Work to complete – Your reply should hold only the lines from the records below where "vsub" occurs.

Data for this task –
.....

Lemma abs_snd_le_vnorm (v : R * R) : `|v.2| <= vnorm v.
Proof.
by rewrite /vnorm -sqrtr_sqr; apply: ler_wsqrtr; rewrite lerDr sqr_ge0.
Qed.

Lemma bond_sym a b : bond R a b -> bond R b a.
Proof.
by rewrite /bond => <-; rewrite /vnorm /vsub /=; congr Num.sqrt; ring.
Qed.

Lemma bond_coord a b : bond R a b ->
  `|(pos R a).1 - (pos R b).1| <= 1 /\ `|(pos R a).2 - (pos R b).2| <= 1.
Proof.
move=> hab; have := abs_fst_le_vnorm (vsub (pos R a) (pos R b)).
by have := abs_snd_le_vnorm (vsub (pos R a) (pos R b)); rewrite hab.
Qed.

Definition inbox (M : R) : set pt :=
  [set p | `|(pos R p).1| <= M /\ `|(pos R p).2| <= M].

Lemma inbox_le (M M' : R) p : M <= M' -> inbox M p -> inbox M' p.
Proof. by move=> hM [h1 h2]; split; apply: le_trans hM. Qed.

Lemma inbox_bond (M : R) a b : bond R a b -> inbox M a -> inbox (M + 1) b.
Proof.
have near (u w : R) : `|u| <= M -> `|u - w| <= 1 -> `|w| <= M + 1.
  move=> hu huw; have -> : w = u - (u - w) by ring.
  exact: le_trans (ler_normB _ _) (lerD hu huw).
by move=> /bond_coord[c1 c2] [h1 h2]; split; [apply: near c1 | apply: near c2].
Qed.

Lemma inbox_bnorm a b : bond R a b -> inbox (bnorm R a b + 1) a.
Proof.
move=> /bond_coord[c1 c2].
have segment (u v t : R) : 0 <= t <= 1 -> `|u - v| <= 1 ->
    `|u| - 1 <= `|(1 - t) * u + t * v|.
  move=> /andP[t0 t1] huv; set w := (1 - t) * u + t * v.
  have := ler_normD w (t * (u - v)).
  rewrite (_ : w + _ = u); last by rewrite /w; ring.
  rewrite normrM (ger0_norm t0).
  have : t * `|u - v| <= 1 by rewrite -(mulr1 1); apply: ler_pM.
  lra.
have ne : [set vnorm ((1 - t) * (pos R a).1 + t * (pos R b).1,
                      (1 - t) * (pos R a).2 + t * (pos R b).2) | t in `[0, 1]]
          !=set0.
  by eexists; exists 0 => //=; rewrite in_itv /= lexx ler01.
suff [g1 g2] : `|(pos R a).1| - 1 <= bnorm R a b /\
               `|(pos R a).2| - 1 <= bnorm R a b by split; lra.
split; apply: lb_le_inf => // _ [t t01 <-]; rewrite /= in_itv /= in t01.
- by apply: le_trans (abs_fst_le_vnorm _); apply: segment.
- by apply: le_trans (abs_snd_le_vnorm _); apply: segment.
Qed.

Lemma inbox_finite (M : R) : finite_set (inbox M).
Proof.
have h3 : 1 <= s3 R by rewrite /s3 -{1}sqrtr1 ler_wsqrtr // ler1n.
set N := Num.Def.archi_bound `|2 * M + 2|.
have hN : 2 * M + 2 < N%:R by apply: le_lt_trans (ler_norm _) (archi_boundP _).
apply: (sub_finite_set (B := [set z : int | - (N%:Z) < z < N%:Z] `*`
                             [set z : int | - (N%:Z) < z < N%:Z])); last first.
  by apply: finite_setX; exact: int_interval_finite.
move=> [m n] [] /=; rewrite !ler_norml => /andP[a1 a2] /andP[b1 b2].
have [hn1 hn2] : - N%:R < n%:~R :> R /\ n%:~R < N%:R :> R by split; nra.
have [hm1 hm2] : - N%:R < m%:~R :> R /\ m%:~R < N%:R :> R by split; nra.
by split; rewrite -!(ltr_int R) rmorphN; apply/andP.
Qed.

Definition rot (C : cell) : cell := let: ((x, z), e) := C in ((z, e), x).

Lemma iter_rot_mul3 k C : iter (3 * k) rot C = C.
Proof. by elim: k => // k IH; rewrite mulnS iterD IH; case: C {IH} => [[x z] e]. Qed.

Lemma iter_rot_bij k : bijective (iter k rot).
Proof.
by exists (iter (2 * k)%N rot) => C;
  rewrite -iterD ?(addnC k) -mulSnr iter_rot_mul3.
Qed.

Lemma rot_closed_iter (P : set cell) : (forall C, P C -> P (rot C)) ->
  forall k C, P (iter k rot C) <-> P C.
Proof.
move=> hP; have fwd k C : P C -> P (iter k rot C).
  by elim: k => //= k IH /IH /hP.
move=> k C; split=> [/(fwd (2 * k)%N) | /fwd //].
by rewrite -iterD -mulSnr iter_rot_mul3.
Qed.

Definition cell_in_box (M : R) : set cell :=
  [set C | inbox M C.1.1 /\ inbox M C.1.2 /\ inbox M C.2].

Lemma cell_in_box_rot M C : cell_in_box M C -> cell_in_box M (rot C).
Proof. by case: C => [[x z] e] [hx [hz he]]. Qed.

Lemma cell_in_box_finite M : finite_set (cell_in_box M).
Proof.
apply: (sub_finite_set (B := (inbox M `*` inbox M) `*` inbox M)).
  by move=> [[x z] e] [hx [hz he]].
by apply: finite_setX; [apply: finite_setX|]; exact: inbox_finite.
Qed.

Lemma is_cell_rot C : is_cell R C -> is_cell R (rot C).
Proof. by case: C => [[x z] e] [b1 [b2 b3]]. Qed.

Lemma pos_oriented_rot C : pos_oriented R C -> pos_oriented R (rot C).
Proof.
case: C => [[x z] e] [/is_cell_rot hc] /= horient; split => //=; nra.
Qed.

Definition reflect_pt (x z e : pt) : pt := (x.1 + z.1 - e.1, x.2 + z.2 - e.2).

(* The other cell containing the first bond of [C], traversed backwards. *)
Definition opposite_cell (C : cell) : cell :=
  let: ((x, z), e) := C in ((z, x), reflect_pt x z e).

Lemma opposite_cellK : involutive opposite_cell.
Proof.
by move=> [[x z] [e1 e2]]; rewrite /= /reflect_pt /=; congr (_, (_, _)); ring.
Qed.

Lemma pos_reflect_pt x z e :
  pos R (reflect_pt x z e) = ((pos R x).1 + (pos R z).1 - (pos R e).1,
                              (pos R x).2 + (pos R z).2 - (pos R e).2).
Proof. by rewrite /pos /=; congr (_, _); rewrite !(intrD, intrB); ring. Qed.

Lemma bond_translate a b c d :
  vsub (pos R a) (pos R b) = vsub (pos R c) (pos R d) -> bond R c d -> bond R a b.
Proof. by rewrite /bond => ->. Qed.

Lemma pos_oriented_opposite C :
  pos_oriented R C -> pos_oriented R (opposite_cell C).
Proof.
case: C => [[x z] e] [[b1 [b2 b3]] horient]; split; [split; [|split]|].
- exact: bond_sym.
- apply: (bond_translate (c := e) (d := z)); last exact: bond_sym.
  by rewrite pos_reflect_pt /vsub /=; congr (_, _); ring.
- apply: (bond_translate (c := x) (d := e)); last exact: bond_sym.
  by rewrite pos_reflect_pt /vsub /=; congr (_, _); ring.
- by move: horient; rewrite /= !(intrD, intrB); nra.
Qed.

Lemma lint_bdry_cell (al : pt -> pt -> R) x z e :
  lint al (bdry ((x, z), e)) = al x z + al z e + al e x.
Proof. by rewrite /lint /= !big_cons big_nil addr0 addrA. Qed.

Lemma int_norm_lt1 (x : R) : x \is a Num.int -> `|x| < 1 -> x = 0.
Proof.
move=> hx hlt; apply/eqP; apply: contraTT hlt => /(norm_intr_ge1 hx).
by rewrite -leNgt.
Qed.

Definition pcirc (al : pt -> pt -> R) (C : cell) : R :=
  if `[< pos_oriented R C >] then lint al (bdry C) else 0.

Definition pedge (al : pt -> pt -> R) (C : cell) : R :=
  if `[< pos_oriented R C >] then al C.1.1 C.1.2 else 0.

Lemma pcircB (f g : pt -> pt -> R) C :
  pcirc (fun a b => f a b - g a b) C = pcirc f C - pcirc g C.
Proof. by rewrite /pcirc; case: asboolP; rewrite ?subr0 // /lint sumrB. Qed.

Lemma pcirc_sum_pedge al C : pcirc al C = \sum_(k < 3) pedge al (iter k rot C).
Proof.
have pos_iter := rot_closed_iter pos_oriented_rot.
rewrite /pcirc /pedge; case: asboolP => hC; last first.
  by rewrite big1 // => k _; rewrite asboolF // pos_iter.
under eq_bigr => k _ do rewrite asboolT ?pos_iter //.
by case: C {hC} => [[x z] e]; rewrite lint_bdry_cell !big_ord_recr big_ord0 /= add0r.
Qed.

Lemma sum_pedge_antisym (f : pt -> pt -> R) :
  (forall a b, bond R a b -> f b a = - f a b) ->
  \sum_(C \in [set: cell]) pedge f C = 0.
Proof.
move=> fN.
have pedge_opposite C : pedge f (opposite_cell C) = - pedge f C.
  rewrite /pedge; case: (asboolP (pos_oriented R C)) => hC.
    rewrite asboolT; last exact: pos_oriented_opposite.
    by case: C hC => [[x z] e] [[b1 _] _] /=; rewrite fN.
  rewrite asboolF ?oppr0 // => /pos_oriented_opposite.
  by rewrite opposite_cellK.
suff : \sum_(C \in [set: cell]) pedge f C = - \sum_(C \in [set: cell]) pedge f C.
  by lra.
rewrite {1}(reindex_fsbigT opposite_cell _ (Bijective opposite_cellK opposite_cellK)).
by rewrite -fsbigN; apply: eq_fsbigr => C _; exact: pedge_opposite.
Qed.

Lemma sum_pcirc_antisym (f : pt -> pt -> R) (D : set cell) :
  finite_set D -> (forall C, D C -> D (rot C)) ->
  (forall C, pedge f C != 0 -> D C) ->
  (forall a b, bond R a b -> f b a = - f a b) ->
  \sum_(C \in D) pcirc f C = 0.
Proof.
move=> finD Drot fD fN; under eq_fsbigr => C _ do rewrite pcirc_sum_pedge.
rewrite fsbig_finite // exchange_big big1 // => k _; rewrite -fsbig_finite //.
rewrite (fsbig_widen D setT) //; last first.
  move=> C [_ /= hC]; apply/eqP; apply: contra_notT hC.
  by move=> /fD /(rot_closed_iter Drot).
by rewrite -reindex_fsbigT; [exact: sum_pedge_antisym | exact: iter_rot_bij].
Qed.

Lemma sum_cores_pcirc (al : pt -> pt -> R) (D : set cell) : cores al `<=` D ->
  \sum_(C \in cores al) lint al (bdry C) = \sum_(C \in D) pcirc al C.
Proof.
move=> coresD; rewrite (eq_fsbigr (pcirc al)); last first.
  by move=> C; rewrite inE => -[hC _]; rewrite /pcirc asboolT.
apply: fsbig_widen => // C [_ hC]; rewrite /preimage /= /pcirc.
by case: asboolP => // hpos; apply/eqP; apply: contra_notT hC.
Qed.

.....

Exercise answer –
by rewrite /bond => <-; rewrite /vnorm /vsub /=; congr Num.sqrt; ring.
move=> hab; have := abs_fst_le_vnorm (vsub (pos R a) (pos R b)).
by have := abs_snd_le_vnorm (vsub (pos R a) (pos R b)); rewrite hab.
  vsub (pos R a) (pos R b) = vsub (pos R c) (pos R d) -> bond R c d -> bond R a b.
  by rewrite pos_reflect_pt /vsub /=; congr (_, _); ring.
  by rewrite pos_reflect_pt /vsub /=; congr (_, _); ring.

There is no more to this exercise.